(* For the cyclically closed $2\times2\times M$ lattice model described in the context, with arbitrary real couplings $(J_\alpha)_{\alpha\in\Phi}$ and temperature $T>0$, let $Z_M=\sum_\sigma \exp(-\mathcal H(\sigma)/(k_BT))$ (sum over all $\sigma\in\{-1,1\}^{4M}$), let $Z'_M$ be the same sum restricted to non-percolation configurations, and let $P_M=Z'_M/Z_M$ be the non-percolation probability. Let $\lambda_{\max}$ be the largest real root of the characteristic equation of the $4\times4$ matrix $\tau$, and $\mu_{\max}$ the largest real root of the characteristic equation of the $3\times3$ matrix $\tau'$, both defined in the context. Then $$\lim_{M\to\infty}\frac{\ln P_M}{M}=\ln\frac{\mu_{\max}}{\lambda_{\max}}.$$
   Context: Lattice: sites $t_i^m$, $i\in\{0,1,2,3\}$, $m\in\{0,\dots,M-1\}$, with cyclic closure $t_i^M\equiv t_i^0$; each site carries a spin $\sigma_{t_i^m}=\sigma_i^m\in\{-1,1\}$. For a set $\Omega$ of sites, $\sigma_\Omega=\prod_{t\in\Omega}\sigma_t$. For fixed $m$ write $a_i=t_i^m$, $b_i=t_i^{m+1}$, and $C_m=\{a_0,\dots,a_3,b_0,\dots,b_3\}$. Let $\rho$ be the rotation $\rho(a_i)=a_{i+1\bmod4}$, $\rho(b_i)=b_{i+1\bmod 4}$. Generating supports $\Phi=\Phi_2\cup\Phi_4\cup\Phi_6\cup\Phi_8$: $\Phi_2=\{\{a_0,a_1\},\{a_0,a_2\},\{b_0,b_1\},\{b_0,b_2\},\{a_0,b_0\},\{a_0,b_1\},\{a_0,b_2\},\{a_0,b_3\}\}$; $\Phi_4$ consists of the 22 sets $\{a_0,b_0,b_1,b_2\}$, $\{a_0,b_1,b_2,b_3\}$, $\{a_0,b_2,b_3,b_0\}$, $\{a_0,b_3,b_0,b_1\}$, $\{a_0,a_1,b_0,b_1\}$, $\{a_0,a_1,b_1,b_2\}$, $\{a_0,a_1,b_2,b_3\}$, $\{a_0,a_1,b_3,b_0\}$, $\{a_0,a_1,b_0,b_2\}$, $\{a_0,a_1,b_1,b_3\}$, $\{a_0,a_2,b_0,b_1\}$, $\{a_0,a_2,b_1,b_2\}$, $\{a_0,a_2,b_2,b_3\}$, $\{a_0,a_2,b_3,b_0\}$, $\{a_0,a_2,b_0,b_2\}$, $\{a_0,a_2,b_1,b_3\}$, $\{a_0,a_1,a_2,b_0\}$, $\{a_0,a_1,a_2,b_1\}$, $\{a_0,a_1,a_2,b_2\}$, $\{a_0,a_1,a_2,b_3\}$, $\{a_0,a_1,a_2,a_3\}$, $\{b_0,b_1,b_2,b_3\}$; $\Phi_6=\{C_m\setminus\beta:\beta\in\Phi_2\}$; $\Phi_8=\{C_m\}$. Couplings $J_\alpha\in\mathbb R$ ($\alpha\in\Phi$), independent of $m$. $\mathcal H^m=-\sum_{\alpha\in\Phi}J_\alpha\sum_{r=0}^3\sigma_{\rho^r(\alpha)}$, $\mathcal H=\sum_{m=0}^{M-1}\mathcal H^m$. Percolation: a configuration is a percolation configuration if for some $m\in\{0,\dots,M-1\}$ one of $\sigma_0^m=\sigma_1^m=-1$, $\sigma_1^m=\sigma_2^m=-1$, $\sigma_2^m=\sigma_3^m=-1$, $\sigma_3^m=\sigma_0^m=-1$ holds; otherwise it is a non-percolation configuration. Transfer matrices: index a layer state $(s_0,\dots,s_3)\in\{-1,1\}^4$ by $k=1+\sum_{i=0}^3 2^i(1-s_i)/2$. $\theta_{k,l}=\exp(-\mathcal H^m/(k_BT))$ with layer $m$ in state $k$ and layer $m+1$ in state $l$. $\tau$ is $4\times4$ with $\tau_{i,j}=\sum_{l\in G_j}\theta_{r_i,l}$, $(r_1,\dots,r_4)=(1,2,4,6)$, $G_1=\{1,16\}$, $G_2=\{2,3,5,8,9,12,14,15\}$, $G_3=\{4,7,10,13\}$, $G_4=\{6,11\}$. $\tau'$ is $3\times3$ with $\tau'_{i,j}=\sum_{l\in G'_j}\theta_{r'_i,l}$, $(r'_1,r'_2,r'_3)=(1,2,6)$, $G'_1=\{1\}$, $G'_2=\{2,3,5,9\}$, $G'_3=\{6,11\}$. *)

From HB Require Import structures.
From mathcomp Require Import all_boot all_order all_algebra.
From mathcomp Require Import all_classical all_reals all_analysis.
Set Implicit Arguments. Unset Strict Implicit. Unset Printing Implicit Defensive.
Import Order.TTheory GRing.Theory Num.Theory.
Local Open Scope ring_scope.

(* Sites of C_m: (0,i) = a_i = t_i^m ,  (1,i) = b_i = t_i^{m+1}. *)
Definition Site := ('I_2 * 'I_4)%type.
Definition a (i : nat) : Site := (@inord 1 0, @inord 3 i).
Definition b (i : nat) : Site := (@inord 1 1, @inord 3 i).

(* A layer state: (s_0,..,s_3); the boolean is true iff the spin is -1. *)
Definition layer := {ffun 'I_4 -> bool}.
Definition spin {R : pzRingType} (x : bool) : R := if x then -1 else 1.

Definition Phi2 : seq {set Site} :=
  [:: [set a 0; a 1]; [set a 0; a 2]; [set b 0; b 1]; [set b 0; b 2];
      [set a 0; b 0]; [set a 0; b 1]; [set a 0; b 2]; [set a 0; b 3]].

Definition Phi4 : seq {set Site} :=
  [:: [set a 0; b 0; b 1; b 2]; [set a 0; b 1; b 2; b 3];
      [set a 0; b 2; b 3; b 0]; [set a 0; b 3; b 0; b 1];
      [set a 0; a 1; b 0; b 1]; [set a 0; a 1; b 1; b 2];
      [set a 0; a 1; b 2; b 3]; [set a 0; a 1; b 3; b 0];
      [set a 0; a 1; b 0; b 2]; [set a 0; a 1; b 1; b 3];
      [set a 0; a 2; b 0; b 1]; [set a 0; a 2; b 1; b 2];
      [set a 0; a 2; b 2; b 3]; [set a 0; a 2; b 3; b 0];
      [set a 0; a 2; b 0; b 2]; [set a 0; a 2; b 1; b 3];
      [set a 0; a 1; a 2; b 0]; [set a 0; a 1; a 2; b 1];
      [set a 0; a 1; a 2; b 2]; [set a 0; a 1; a 2; b 3];
      [set a 0; a 1; a 2; a 3]; [set b 0; b 1; b 2; b 3]].

Definition Phi6 : seq {set Site} := [seq ~: beta | beta <- Phi2].
Definition Phi8 : seq {set Site} := [:: [set: Site]].

(* Phi as a set of supports (duplicates, if any, are identified). *)
Definition Phi : {set {set Site}} := [set S in Phi2 ++ Phi4 ++ Phi6 ++ Phi8].

Definition rot (r : nat) (O : {set Site}) : {set Site} :=
  [set ((t.1, @inord 3 ((nat_of_ord t.2 + r) %% 4)) : Site) | t : Site in O].

Definition sigmaO {R : pzRingType} (sa sb : layer) (O : {set Site}) : R :=
  \prod_(t in O) spin (if t.1 == ord0 then sa t.2 else sb t.2).

Definition Hm {R : pzRingType} (J : {set Site} -> R) (sa sb : layer) : R :=
  - \sum_(al in Phi) J al * \sum_(r < 4) sigmaO sa sb (rot r al).

(* Configurations of the cyclic 2x2xM lattice: sigma m i = true iff sigma_i^m = -1 *)
Definition config (M : nat) := {ffun 'I_M -> layer}.

Definition Ham {R : pzRingType} (J : {set Site} -> R) (M : nat) (s : config M) : R :=
  \sum_(m < M) Hm J (s m) (s (ordS m)).

Definition percolation (M : nat) (s : config M) : bool :=
  [exists m : 'I_M, exists i : 'I_4, s m i && s m (ordS i)].

Section Model.
Variable R : realType.

Definition Z (J : {set Site} -> R) (kB T : R) (M : nat) : R :=
  \sum_(s : config M) expR (- Ham J s / (kB * T)).

Definition Z' (J : {set Site} -> R) (kB T : R) (M : nat) : R :=
  \sum_(s : config M | ~~ percolation s) expR (- Ham J s / (kB * T)).

Definition PM (J : {set Site} -> R) (kB T : R) (M : nat) : R := Z' J kB T M / Z J kB T M.

(* layer state with index k = 1 + sum_i 2^i (1-s_i)/2 *)
Definition state_of_index (k : nat) : layer := [ffun i : 'I_4 => odd (k.-1 %/ 2 ^ i)].

Definition theta (J : {set Site} -> R) (kB T : R) (k l : nat) : R :=
  expR (- Hm J (state_of_index k) (state_of_index l) / (kB * T)).

Definition rows_tau : seq nat := [:: 1; 2; 4; 6].
Definition G_tau : seq (seq nat) :=
  [:: [:: 1; 16]; [:: 2; 3; 5; 8; 9; 12; 14; 15]; [:: 4; 7; 10; 13]; [:: 6; 11]].
Definition rows_tau' : seq nat := [:: 1; 2; 6].
Definition G_tau' : seq (seq nat) := [:: [:: 1]; [:: 2; 3; 5; 9]; [:: 6; 11]].

Definition tau (J : {set Site} -> R) (kB T : R) : 'M[R]_4 :=
  \matrix_(i < 4, j < 4)
    \sum_(l <- nth [::] G_tau j) theta J kB T (nth 0%N rows_tau i) l.

Definition tau' (J : {set Site} -> R) (kB T : R) : 'M[R]_3 :=
  \matrix_(i < 3, j < 3)
    \sum_(l <- nth [::] G_tau' j) theta J kB T (nth 0%N rows_tau' i) l.

End Model.

From Pilot Require Import Defs.
From HB Require Import structures.
From mathcomp Require Import all_boot all_order all_algebra.
From mathcomp Require Import all_classical all_reals all_analysis.
From mathcomp Require Import lra ring.
Set Implicit Arguments.
Unset Strict Implicit.
Unset Printing Implicit Defensive.
Import Order.TTheory GRing.Theory Num.Theory.
Import numFieldNormedType.Exports.

(* Z_M and Z'_M are traces of the M-th powers of the transfer kernel
   W x y = exp (- H^m(x, y) / (k_B T)) between consecutive layer states and of
   its restriction W' to layers without two adjacent -1 spins.  W is invariant
   under rotating or globally flipping both layers, W' under rotating them, and
   tau, tau' are the lumpings of W, W' onto the classes of these symmetries.
   For a positive matrix A whose characteristic polynomial has largest real
   root lam, the resolvent (t - A)^-1 is entrywise positive for every t > lam:
   it is for large t, and a nonnegative resolvent has no zero entry, so by
   continuity no entry can vanish on (lam, +oo).  Its row sums give y > 0 with
   A y <= t y, and the modulus of a real eigenvector gives z >= 0, z <> 0, with
   lam z <= A z.  Lifted along the lumping they squeeze the traces between
   c lam^M and 16 t^M, so ln Z_M / M -> ln lam and ln Z'_M / M -> ln mu. *)

Local Open Scope classical_set_scope.
Local Open Scope ring_scope.

Section PerronRoot.
Variables (R : realType) (n : nat) (A : 'M[R]_n.+1).
Hypothesis A_gt0 : forall i j, 0 < A i j.

Lemma horner_char_poly_mx t : map_mx (horner_eval t) (char_poly_mx A) = t%:M - A.
Proof.
apply/matrixP => i j; rewrite !mxE /horner_eval.
by rewrite hornerD hornerN hornerMn hornerX hornerC.
Qed.

Lemma horner_char_poly t : (char_poly A).[t] = \det (t%:M - A).
Proof. by rewrite -horner_char_poly_mx det_map_mx. Qed.

Lemma sum_scalar_sub_mx t (x : 'I_n.+1 -> R) i :
  \sum_k (t%:M - A) i k * x k = t * x i - \sum_k A i k * x k.
Proof.
under eq_bigr do rewrite !mxE mulrBl.
rewrite sumrB (bigD1 i) //= eqxx mulr1n big1 ?addr0 // => k /negbTE.
by rewrite eq_sym => ->; rewrite mulr0n mul0r.
Qed.

(* Cramer's rule for the entries of [(t - A)^-1]. *)
Definition resolvent t i j := (\adj (char_poly_mx A) i j).[t] / (char_poly A).[t].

· · ·

> _What is required_
Would you please copy exactly the part of the entries above that begins at the line containing "(* A layer state: (s_0,..,s_3);" and ends at the line containing "Definition Phi2 : seq", both lines included?

> _Answer area_
(* A layer state: (s_0,..,s_3); the boolean is true iff the spin is -1. *)
Definition layer := {ffun 'I_4 -> bool}.
Definition spin {R : pzRingType} (x : bool) : R := if x then -1 else 1.

Definition Phi2 : seq {set Site} :=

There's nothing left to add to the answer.